In one scene, you run naked through a neighborhood that apparently the movie didn’t have permits for. What is it like to work with Sean Baker’s DIY energy?
I wish that I could always do films like this. Of course, there’s gonna be big studio films and that’s its own thing, but to me, this is when the magic happens – when you work like this under stressful situations with not a lot of money. Everyone’s in it to win it, there’s no egos, there’s no big movie stars, and no producer over the monitor saying, “No Sean, you gotta do it like this.” He has a vision and he knows what he wants: writing it, directing it, editing it, casting it. He’s choosing the font on the screen. Just give him the money and trust that he’ll make a masterpiece.

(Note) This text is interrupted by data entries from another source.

Lemma g2_tan_bounds x : 0 < x < PI / 2 -> 34 / 35 < g2_tan x < 1.
Proof.
  intro Hx; destruct (p_q_pos_tan x Hx) as [Hp Hq].
  destruct (key_polys_pos_tan x Hx) as (_ & Hup & Hlo & _).
  assert (Elo : g2_tan x - 34 / 35
                = beval gap_lower x (tan x) / (35 * p_at x (tan x) * q_at x (tan x))).
  { unfold g2_tan; rewrite beval_gap_lower; field; lra. }
  assert (Eup : 1 - g2_tan x
                = beval gap_upper x (tan x) / (5 * p_at x (tan x) * q_at x (tan x))).
  { unfold g2_tan; rewrite beval_gap_upper; field; lra. }
  assert (0 < beval gap_lower x (tan x) / (35 * p_at x (tan x) * q_at x (tan x)))
    by (apply Rdiv_lt_0_compat; nra).
  assert (0 < beval gap_upper x (tan x) / (5 * p_at x (tan x) * q_at x (tan x)))
    by (apply Rdiv_lt_0_compat; nra).
  lra.
Qed.

Theorem lemma7 :
  (forall x : R, 0 < x < PI / 2 -> B x - 3 * A x > 0) /\
  (forall x y : R, 0 < x < PI / 2 -> 0 < y < PI / 2 -> x < y -> g2 x < g2 y) /\
  (forall x : R, 0 < x < PI / 2 -> 34 / 35 < g2 x < 1).
Proof.
  split; [|split].
  - intros x Hx; destruct (p_q_pos_tan x Hx) as [Hp Hq].
    assert (Hc : 0 < cos x) by (apply cos_gt_0; pose proof PI_RGT_0; lra).
    rewrite B_sub_3A_tan by lra.
    apply Rlt_gt; repeat apply Rmult_lt_0_compat; try apply pow_lt; lra.
  - intros x y Hx Hy Hxy; rewrite !g2_eq_g2_tan by assumption.
    exact (g2_tan_increasing x y Hx Hy Hxy).
  - intros x Hx; rewrite g2_eq_g2_tan by assumption; exact (g2_tan_bounds x Hx).
Qed.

When there’s not too many cooks in the kitchen this is what happens. That’s the problem: You get all these people with their egos and this and that and it’s not well-executed and it comes out being all f*cked up. All you need often to make a good meal is a few ingredients, like pasta. This is a lame comparison, but you just need some basil, some tomatoes, some pasta, and some meat sauce and if you do it the right amount with the right formula, it’s gonna be a good meal. You don’t need all this sh*t. It’s gonna make the meal suck, and that’s what happens a lot is there's’ too many opinions and everyone wants to have their vision in it. I think everyone suffers because of it, so I think it’s rare that this happens in a movie.
This interview has been edited and condensed for clarity.